[Collected data entries]
'''
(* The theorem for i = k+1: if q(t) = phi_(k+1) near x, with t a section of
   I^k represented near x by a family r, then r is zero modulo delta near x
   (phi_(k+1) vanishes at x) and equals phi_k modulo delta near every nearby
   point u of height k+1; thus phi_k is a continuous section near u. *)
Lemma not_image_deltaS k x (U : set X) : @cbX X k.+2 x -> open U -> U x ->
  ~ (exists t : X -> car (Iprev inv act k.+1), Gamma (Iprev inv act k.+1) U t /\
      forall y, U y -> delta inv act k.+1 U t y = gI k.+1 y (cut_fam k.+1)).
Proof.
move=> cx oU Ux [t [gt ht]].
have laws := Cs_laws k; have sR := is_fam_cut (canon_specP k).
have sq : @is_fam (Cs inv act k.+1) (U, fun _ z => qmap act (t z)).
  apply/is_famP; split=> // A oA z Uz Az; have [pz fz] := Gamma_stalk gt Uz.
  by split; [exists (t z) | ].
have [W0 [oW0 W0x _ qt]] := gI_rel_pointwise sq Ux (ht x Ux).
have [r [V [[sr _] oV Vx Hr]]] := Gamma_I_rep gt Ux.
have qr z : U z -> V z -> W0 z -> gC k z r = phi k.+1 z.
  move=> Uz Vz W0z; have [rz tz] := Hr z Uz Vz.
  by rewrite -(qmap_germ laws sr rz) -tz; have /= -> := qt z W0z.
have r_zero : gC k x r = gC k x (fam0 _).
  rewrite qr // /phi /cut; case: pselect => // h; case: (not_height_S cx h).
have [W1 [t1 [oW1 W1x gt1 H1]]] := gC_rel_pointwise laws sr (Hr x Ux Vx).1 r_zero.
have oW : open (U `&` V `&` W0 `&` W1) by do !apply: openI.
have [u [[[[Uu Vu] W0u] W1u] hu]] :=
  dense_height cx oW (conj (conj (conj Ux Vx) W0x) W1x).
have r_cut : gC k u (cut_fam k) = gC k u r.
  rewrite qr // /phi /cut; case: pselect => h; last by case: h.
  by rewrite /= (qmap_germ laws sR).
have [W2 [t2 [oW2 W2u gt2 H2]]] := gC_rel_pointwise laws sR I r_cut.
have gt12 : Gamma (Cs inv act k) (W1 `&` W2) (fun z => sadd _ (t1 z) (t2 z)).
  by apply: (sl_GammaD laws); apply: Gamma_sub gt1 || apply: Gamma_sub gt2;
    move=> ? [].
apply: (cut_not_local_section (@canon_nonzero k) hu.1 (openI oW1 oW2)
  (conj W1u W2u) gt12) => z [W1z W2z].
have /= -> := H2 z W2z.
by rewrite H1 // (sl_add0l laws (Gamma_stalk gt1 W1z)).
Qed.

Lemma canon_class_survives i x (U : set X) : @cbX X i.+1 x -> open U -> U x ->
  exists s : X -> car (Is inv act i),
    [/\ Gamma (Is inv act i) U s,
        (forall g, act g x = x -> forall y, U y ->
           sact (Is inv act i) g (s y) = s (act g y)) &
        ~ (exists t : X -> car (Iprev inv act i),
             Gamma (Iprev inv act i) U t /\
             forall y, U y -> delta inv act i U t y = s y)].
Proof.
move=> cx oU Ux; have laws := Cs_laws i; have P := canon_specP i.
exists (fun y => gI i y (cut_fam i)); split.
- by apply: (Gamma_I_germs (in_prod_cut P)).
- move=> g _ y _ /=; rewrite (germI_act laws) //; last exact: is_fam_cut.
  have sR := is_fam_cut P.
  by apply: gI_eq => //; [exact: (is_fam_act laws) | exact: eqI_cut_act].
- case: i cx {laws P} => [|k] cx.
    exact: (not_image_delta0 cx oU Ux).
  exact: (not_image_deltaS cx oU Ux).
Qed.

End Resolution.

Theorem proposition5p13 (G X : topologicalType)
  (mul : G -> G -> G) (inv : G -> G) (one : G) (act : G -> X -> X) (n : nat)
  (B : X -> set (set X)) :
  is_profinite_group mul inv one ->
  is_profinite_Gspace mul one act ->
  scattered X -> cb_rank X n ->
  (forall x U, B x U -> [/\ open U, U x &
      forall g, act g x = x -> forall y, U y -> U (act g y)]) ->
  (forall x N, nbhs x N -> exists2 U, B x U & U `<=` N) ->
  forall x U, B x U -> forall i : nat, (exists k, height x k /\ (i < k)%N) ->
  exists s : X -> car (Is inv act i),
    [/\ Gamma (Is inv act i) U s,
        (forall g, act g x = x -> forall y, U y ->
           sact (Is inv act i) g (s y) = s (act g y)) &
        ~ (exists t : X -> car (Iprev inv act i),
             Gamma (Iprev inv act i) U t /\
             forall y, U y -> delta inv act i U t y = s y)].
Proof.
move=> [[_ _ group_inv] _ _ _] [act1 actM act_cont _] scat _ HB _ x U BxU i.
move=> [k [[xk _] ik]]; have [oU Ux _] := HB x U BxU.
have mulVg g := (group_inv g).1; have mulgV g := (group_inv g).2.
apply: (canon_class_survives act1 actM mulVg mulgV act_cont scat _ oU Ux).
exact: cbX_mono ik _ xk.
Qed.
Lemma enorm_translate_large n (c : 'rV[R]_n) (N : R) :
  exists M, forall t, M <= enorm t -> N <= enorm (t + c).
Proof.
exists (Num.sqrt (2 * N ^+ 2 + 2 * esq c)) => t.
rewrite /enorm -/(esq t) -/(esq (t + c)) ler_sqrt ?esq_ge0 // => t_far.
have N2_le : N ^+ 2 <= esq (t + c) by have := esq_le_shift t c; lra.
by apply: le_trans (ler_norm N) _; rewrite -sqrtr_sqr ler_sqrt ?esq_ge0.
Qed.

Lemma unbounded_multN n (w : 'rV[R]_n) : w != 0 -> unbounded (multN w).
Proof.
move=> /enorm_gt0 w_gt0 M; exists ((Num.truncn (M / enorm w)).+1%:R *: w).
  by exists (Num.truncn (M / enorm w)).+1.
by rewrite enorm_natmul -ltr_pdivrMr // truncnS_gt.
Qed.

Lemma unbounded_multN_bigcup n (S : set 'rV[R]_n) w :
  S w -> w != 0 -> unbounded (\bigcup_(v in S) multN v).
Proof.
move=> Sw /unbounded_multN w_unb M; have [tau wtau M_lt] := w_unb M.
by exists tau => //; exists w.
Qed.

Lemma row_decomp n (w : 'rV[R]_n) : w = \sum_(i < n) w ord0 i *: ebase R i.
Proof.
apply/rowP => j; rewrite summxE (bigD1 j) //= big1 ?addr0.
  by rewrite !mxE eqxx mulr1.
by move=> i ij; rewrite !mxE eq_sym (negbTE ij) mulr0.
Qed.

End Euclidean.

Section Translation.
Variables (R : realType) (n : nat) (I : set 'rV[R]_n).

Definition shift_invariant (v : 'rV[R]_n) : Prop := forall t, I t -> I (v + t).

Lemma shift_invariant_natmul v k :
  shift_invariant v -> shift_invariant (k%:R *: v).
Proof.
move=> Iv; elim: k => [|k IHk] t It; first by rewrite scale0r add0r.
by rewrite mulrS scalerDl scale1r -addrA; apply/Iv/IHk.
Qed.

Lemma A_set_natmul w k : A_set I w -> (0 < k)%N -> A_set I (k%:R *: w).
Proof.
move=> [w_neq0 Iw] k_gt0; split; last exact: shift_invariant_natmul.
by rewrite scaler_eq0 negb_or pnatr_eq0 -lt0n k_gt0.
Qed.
'''
'''
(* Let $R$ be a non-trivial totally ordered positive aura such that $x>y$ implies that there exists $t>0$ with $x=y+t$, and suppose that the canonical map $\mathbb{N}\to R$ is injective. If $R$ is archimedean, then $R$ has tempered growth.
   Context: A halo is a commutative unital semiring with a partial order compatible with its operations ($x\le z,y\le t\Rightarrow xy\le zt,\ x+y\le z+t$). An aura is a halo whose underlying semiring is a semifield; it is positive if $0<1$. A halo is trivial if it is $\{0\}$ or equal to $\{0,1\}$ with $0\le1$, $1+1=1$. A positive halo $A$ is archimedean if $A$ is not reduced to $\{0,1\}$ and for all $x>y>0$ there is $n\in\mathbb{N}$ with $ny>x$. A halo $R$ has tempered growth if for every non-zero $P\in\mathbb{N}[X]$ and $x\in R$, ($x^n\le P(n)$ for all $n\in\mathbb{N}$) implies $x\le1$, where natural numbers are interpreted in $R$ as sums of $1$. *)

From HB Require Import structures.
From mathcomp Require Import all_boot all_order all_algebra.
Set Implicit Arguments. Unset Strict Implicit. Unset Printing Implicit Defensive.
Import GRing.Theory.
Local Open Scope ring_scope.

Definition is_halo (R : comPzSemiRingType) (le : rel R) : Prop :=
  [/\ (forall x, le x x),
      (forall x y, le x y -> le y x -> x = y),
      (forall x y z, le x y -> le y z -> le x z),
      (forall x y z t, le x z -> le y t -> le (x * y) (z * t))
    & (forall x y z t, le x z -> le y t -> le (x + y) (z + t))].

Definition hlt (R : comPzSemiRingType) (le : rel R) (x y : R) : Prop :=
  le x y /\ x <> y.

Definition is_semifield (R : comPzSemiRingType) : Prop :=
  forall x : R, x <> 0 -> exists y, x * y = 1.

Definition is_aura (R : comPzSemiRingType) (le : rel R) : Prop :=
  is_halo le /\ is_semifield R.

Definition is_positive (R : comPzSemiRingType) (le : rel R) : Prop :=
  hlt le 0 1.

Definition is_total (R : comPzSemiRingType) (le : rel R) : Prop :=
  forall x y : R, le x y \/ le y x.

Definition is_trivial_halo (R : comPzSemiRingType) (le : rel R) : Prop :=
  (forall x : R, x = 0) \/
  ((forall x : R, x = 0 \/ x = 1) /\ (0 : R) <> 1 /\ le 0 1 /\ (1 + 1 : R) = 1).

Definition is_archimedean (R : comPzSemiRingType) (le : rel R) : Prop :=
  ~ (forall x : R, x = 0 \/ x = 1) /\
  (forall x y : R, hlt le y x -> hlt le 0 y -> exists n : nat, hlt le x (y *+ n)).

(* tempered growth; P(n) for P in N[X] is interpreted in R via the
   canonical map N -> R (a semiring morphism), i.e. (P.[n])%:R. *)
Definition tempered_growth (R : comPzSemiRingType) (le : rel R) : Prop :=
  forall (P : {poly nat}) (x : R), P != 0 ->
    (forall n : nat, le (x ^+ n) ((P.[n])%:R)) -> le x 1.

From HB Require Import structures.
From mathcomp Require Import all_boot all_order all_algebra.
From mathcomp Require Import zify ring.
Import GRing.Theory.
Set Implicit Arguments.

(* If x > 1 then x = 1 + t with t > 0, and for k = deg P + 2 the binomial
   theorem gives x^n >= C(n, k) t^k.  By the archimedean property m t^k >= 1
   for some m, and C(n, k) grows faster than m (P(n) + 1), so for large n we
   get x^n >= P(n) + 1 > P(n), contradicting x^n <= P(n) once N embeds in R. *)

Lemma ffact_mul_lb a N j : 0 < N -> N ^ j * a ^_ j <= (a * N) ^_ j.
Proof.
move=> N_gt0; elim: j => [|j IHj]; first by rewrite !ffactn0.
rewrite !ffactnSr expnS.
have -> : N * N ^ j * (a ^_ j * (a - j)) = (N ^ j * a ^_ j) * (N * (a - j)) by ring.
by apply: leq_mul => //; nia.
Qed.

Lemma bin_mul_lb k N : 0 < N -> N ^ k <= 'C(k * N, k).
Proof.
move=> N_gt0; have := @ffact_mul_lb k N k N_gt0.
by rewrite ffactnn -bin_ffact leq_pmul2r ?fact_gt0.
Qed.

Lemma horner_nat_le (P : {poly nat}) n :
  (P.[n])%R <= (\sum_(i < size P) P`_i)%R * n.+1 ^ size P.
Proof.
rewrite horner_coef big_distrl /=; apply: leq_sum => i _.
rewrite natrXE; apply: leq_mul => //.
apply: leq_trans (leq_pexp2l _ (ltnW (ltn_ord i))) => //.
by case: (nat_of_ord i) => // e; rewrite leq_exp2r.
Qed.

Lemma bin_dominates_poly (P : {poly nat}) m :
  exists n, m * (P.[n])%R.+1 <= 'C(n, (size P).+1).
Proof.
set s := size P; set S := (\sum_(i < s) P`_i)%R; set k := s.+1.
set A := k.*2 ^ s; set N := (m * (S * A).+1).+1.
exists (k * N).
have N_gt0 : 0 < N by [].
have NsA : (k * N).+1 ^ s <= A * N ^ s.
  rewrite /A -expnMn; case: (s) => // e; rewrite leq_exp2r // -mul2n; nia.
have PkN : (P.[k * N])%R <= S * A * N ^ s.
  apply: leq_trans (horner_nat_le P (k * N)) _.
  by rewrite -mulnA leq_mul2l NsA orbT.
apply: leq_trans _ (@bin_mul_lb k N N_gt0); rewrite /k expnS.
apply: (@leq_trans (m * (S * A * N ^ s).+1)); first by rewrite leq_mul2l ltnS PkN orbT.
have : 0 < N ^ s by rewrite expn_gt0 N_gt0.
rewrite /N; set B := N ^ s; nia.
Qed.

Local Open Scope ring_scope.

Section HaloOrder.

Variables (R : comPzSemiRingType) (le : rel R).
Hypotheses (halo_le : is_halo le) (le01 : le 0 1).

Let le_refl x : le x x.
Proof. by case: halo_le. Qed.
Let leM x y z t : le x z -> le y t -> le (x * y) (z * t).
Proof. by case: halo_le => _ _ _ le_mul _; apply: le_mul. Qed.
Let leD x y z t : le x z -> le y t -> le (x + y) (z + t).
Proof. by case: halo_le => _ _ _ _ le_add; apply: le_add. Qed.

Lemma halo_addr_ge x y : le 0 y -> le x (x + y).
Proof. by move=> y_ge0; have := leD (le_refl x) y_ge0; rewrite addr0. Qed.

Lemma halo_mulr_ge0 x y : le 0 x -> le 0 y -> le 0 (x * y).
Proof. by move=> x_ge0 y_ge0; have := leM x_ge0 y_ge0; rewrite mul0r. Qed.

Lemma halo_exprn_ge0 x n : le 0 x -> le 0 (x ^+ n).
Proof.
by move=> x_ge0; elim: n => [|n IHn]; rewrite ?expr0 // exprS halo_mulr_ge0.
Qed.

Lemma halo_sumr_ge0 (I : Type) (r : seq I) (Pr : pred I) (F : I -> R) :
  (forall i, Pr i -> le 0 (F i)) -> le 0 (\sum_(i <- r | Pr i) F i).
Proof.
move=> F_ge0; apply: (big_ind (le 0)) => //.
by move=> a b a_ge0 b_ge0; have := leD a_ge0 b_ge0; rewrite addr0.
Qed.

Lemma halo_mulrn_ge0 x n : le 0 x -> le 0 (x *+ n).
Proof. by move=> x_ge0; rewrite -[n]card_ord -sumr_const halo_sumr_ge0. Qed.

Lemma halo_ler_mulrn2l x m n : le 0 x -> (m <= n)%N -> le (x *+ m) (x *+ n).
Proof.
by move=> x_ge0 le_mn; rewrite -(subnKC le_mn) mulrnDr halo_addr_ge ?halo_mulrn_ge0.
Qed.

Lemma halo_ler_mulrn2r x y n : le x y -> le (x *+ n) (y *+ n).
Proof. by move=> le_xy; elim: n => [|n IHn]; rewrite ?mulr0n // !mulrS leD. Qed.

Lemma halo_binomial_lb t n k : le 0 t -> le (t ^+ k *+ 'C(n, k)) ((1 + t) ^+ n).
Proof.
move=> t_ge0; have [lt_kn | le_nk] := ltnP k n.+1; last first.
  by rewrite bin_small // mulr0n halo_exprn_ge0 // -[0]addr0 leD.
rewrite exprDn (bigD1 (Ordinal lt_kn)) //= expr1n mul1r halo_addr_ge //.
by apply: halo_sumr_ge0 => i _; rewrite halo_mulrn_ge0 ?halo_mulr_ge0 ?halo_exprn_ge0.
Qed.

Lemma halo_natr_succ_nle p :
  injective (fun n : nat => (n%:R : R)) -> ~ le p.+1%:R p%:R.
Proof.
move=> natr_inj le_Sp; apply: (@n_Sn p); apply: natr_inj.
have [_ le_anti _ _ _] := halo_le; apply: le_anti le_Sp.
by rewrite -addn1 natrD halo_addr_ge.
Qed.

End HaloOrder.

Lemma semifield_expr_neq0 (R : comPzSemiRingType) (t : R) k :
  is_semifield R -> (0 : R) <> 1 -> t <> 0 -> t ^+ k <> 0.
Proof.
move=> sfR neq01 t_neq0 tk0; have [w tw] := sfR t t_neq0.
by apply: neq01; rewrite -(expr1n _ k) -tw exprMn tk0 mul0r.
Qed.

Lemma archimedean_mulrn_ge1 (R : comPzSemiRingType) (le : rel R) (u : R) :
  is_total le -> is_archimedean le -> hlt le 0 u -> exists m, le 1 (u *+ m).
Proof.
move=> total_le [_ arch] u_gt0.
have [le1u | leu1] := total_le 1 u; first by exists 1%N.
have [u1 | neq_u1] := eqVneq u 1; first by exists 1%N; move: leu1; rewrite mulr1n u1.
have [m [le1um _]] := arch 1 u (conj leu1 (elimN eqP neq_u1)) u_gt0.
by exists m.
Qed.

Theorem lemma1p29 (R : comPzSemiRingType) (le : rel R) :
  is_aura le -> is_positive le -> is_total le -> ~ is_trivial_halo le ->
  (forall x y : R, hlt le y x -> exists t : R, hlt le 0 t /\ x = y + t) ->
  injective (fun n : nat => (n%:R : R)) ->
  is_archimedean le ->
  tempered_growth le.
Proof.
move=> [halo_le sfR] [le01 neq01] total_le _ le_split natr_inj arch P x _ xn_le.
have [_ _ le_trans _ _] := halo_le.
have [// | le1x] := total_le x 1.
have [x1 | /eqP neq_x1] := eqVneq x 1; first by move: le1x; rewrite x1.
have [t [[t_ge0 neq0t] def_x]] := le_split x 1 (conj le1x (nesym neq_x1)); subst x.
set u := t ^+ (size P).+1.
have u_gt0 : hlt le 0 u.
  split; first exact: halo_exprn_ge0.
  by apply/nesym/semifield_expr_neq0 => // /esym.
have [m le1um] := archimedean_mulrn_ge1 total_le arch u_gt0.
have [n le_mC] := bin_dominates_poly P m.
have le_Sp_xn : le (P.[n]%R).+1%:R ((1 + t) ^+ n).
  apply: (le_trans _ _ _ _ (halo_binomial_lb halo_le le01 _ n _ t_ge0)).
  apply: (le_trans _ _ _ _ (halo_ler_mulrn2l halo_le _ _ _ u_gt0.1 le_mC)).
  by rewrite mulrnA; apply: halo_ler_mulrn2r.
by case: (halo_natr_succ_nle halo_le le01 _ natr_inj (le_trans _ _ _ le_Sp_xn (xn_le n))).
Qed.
'''
'''
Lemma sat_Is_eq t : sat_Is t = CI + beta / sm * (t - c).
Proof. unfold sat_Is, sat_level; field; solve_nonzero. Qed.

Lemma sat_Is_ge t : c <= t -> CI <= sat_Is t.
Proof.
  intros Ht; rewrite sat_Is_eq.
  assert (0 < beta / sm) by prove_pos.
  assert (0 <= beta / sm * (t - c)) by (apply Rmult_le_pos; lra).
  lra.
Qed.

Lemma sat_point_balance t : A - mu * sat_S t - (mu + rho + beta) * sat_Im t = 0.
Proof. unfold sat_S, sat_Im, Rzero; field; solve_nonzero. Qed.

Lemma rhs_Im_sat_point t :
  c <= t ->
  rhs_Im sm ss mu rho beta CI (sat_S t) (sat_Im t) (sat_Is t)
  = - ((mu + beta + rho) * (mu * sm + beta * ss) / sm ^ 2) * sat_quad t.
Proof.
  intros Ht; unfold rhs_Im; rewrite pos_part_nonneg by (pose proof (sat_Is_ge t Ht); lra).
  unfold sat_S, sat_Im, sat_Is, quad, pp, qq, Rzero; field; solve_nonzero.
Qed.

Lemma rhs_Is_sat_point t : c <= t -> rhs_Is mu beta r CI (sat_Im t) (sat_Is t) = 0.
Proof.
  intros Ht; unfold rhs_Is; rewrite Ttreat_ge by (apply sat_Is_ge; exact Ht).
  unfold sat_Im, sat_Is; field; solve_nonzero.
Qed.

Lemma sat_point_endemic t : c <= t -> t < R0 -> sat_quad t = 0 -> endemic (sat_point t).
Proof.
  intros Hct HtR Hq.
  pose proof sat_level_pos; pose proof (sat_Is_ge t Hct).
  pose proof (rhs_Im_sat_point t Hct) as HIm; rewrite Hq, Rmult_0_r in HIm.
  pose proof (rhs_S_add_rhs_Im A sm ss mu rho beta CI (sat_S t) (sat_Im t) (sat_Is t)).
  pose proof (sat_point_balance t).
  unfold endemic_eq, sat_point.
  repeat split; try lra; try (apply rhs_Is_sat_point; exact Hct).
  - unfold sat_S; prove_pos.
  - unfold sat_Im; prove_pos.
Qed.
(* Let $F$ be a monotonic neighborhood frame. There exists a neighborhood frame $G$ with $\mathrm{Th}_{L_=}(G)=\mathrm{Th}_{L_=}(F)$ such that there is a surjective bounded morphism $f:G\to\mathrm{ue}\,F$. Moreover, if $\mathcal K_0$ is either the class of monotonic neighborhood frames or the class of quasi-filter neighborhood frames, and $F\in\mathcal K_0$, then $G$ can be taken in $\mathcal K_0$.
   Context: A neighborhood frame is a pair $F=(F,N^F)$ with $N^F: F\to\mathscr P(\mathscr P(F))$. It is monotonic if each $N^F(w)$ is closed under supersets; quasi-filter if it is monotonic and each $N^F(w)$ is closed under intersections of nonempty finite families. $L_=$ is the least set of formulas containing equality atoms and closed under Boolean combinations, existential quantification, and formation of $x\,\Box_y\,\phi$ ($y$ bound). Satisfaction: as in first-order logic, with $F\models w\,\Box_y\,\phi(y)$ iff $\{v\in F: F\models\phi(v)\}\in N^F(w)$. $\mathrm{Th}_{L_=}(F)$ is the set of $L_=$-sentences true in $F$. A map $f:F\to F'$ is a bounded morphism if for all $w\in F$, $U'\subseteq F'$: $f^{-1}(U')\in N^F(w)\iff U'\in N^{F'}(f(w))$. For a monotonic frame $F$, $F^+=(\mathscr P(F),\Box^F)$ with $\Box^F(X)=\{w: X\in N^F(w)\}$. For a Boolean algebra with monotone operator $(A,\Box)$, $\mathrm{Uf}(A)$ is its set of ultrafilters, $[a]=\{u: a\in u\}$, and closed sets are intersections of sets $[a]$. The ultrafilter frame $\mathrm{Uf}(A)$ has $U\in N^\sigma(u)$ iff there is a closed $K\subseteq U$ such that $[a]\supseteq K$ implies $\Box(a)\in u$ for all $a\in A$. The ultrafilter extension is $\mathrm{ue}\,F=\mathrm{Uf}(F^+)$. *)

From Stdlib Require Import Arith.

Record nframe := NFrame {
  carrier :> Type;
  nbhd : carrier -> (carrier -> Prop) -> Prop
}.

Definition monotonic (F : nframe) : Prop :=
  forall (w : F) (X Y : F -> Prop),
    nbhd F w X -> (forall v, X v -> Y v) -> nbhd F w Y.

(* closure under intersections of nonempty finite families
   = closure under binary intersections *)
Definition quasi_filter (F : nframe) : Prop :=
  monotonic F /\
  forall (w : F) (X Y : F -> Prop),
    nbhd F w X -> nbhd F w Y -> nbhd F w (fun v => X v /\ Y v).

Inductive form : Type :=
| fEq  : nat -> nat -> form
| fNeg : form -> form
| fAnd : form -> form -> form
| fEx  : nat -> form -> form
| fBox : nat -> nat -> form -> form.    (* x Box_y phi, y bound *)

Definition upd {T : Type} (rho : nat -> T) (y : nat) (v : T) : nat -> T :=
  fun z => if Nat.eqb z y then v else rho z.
'''
• TASK DETAILS
For this exercise, please output exactly the lines above starting at the line with "have oW : open" and ending at the line with "rewrite qr // /phi /cut; case: pselect => h;", ends included.

• FINAL ANSWER
have oW : open (U `&` V `&` W0 `&` W1) by do !apply: openI.
have [u [[[[Uu Vu] W0u] W1u] hu]] :=
  dense_height cx oW (conj (conj (conj Ux Vx) W0x) W1x).
have r_cut : gC k u (cut_fam k) = gC k u r.
  rewrite qr // /phi /cut; case: pselect => h; last by case: h.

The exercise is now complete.